What to do:
Your answer should be one number, the count of lines in the records that carry the string "have".

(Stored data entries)
◆ ◆ ◆ ◆
Lemma ric_restr y z : ric cg Gg y z = \tr (lin1_mx (curv_g (y *m B) (z *m B)) *m projg).
Proof.
rewrite -coordgK mxtrace_mulC mulmxA /ric /mxtrace; apply: eq_bigr => i _.
rewrite curv_restr -rowE -(mul_rV_lin1_linear _ (curv_g_linear _ _)) -!row_mul.
by rewrite mxE.
Qed.

Definition restr_adH := restr_op (adm c H) B.

Lemma restr_adH_base y : y *m restr_adH *m B = [H, y *m B].
Proof.
rewrite /restr_adH /restr_op (mulmxA y (B *m adm c H)) (mulmxA y B).
exact/mulmx_pinv_baseK/lbr_sub_g.
Qed.

Lemma Ricop_restrP l y :
  Ricop cg Gg y = l *: y + y *m restr_adH <->
  (forall z, ric c G (y *m B) (z *m B) = l * << y *m B, z *m B >>).
Proof.
have ric_yz z : ric cg Gg y z = ric c G (y *m B) (z *m B) + << [H, y *m B], z *m B >>.
  by rewrite ric_restr ric_gauss ?mulmx_base_sub // subrK.
rewrite (RicopP cg restr_metric_unit); split=> E z; have := E z;
  rewrite ric_yz ipDl ipZl !ip_restr restr_adH_base; first exact: addIr.
by move=> ->.
Qed.

Lemma einstein_restr l : (forall Y, Ricop c G Y = l *: Y) ->
  forall y, Ricop cg Gg y = l *: y + y *m restr_adH.
Proof. by move=> /(Ricop_scalarP c uG) E y; apply/Ricop_restrP => z; apply: E. Qed.

Lemma einstein_killing_a l : (forall Y, Ricop c G Y = l *: Y) ->
  forall X Y, (X <= a)%MS -> \tr (adm c Y *m adm c X) = - l * << X, Y >>.
Proof.
move=> /(Ricop_scalarP c uG) E X Y Xa.
by rewrite mxtrace_mulC mulNr -E ric_a_l // opprK.
Qed.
◆ ◆ ◆ ◆
Task output:
2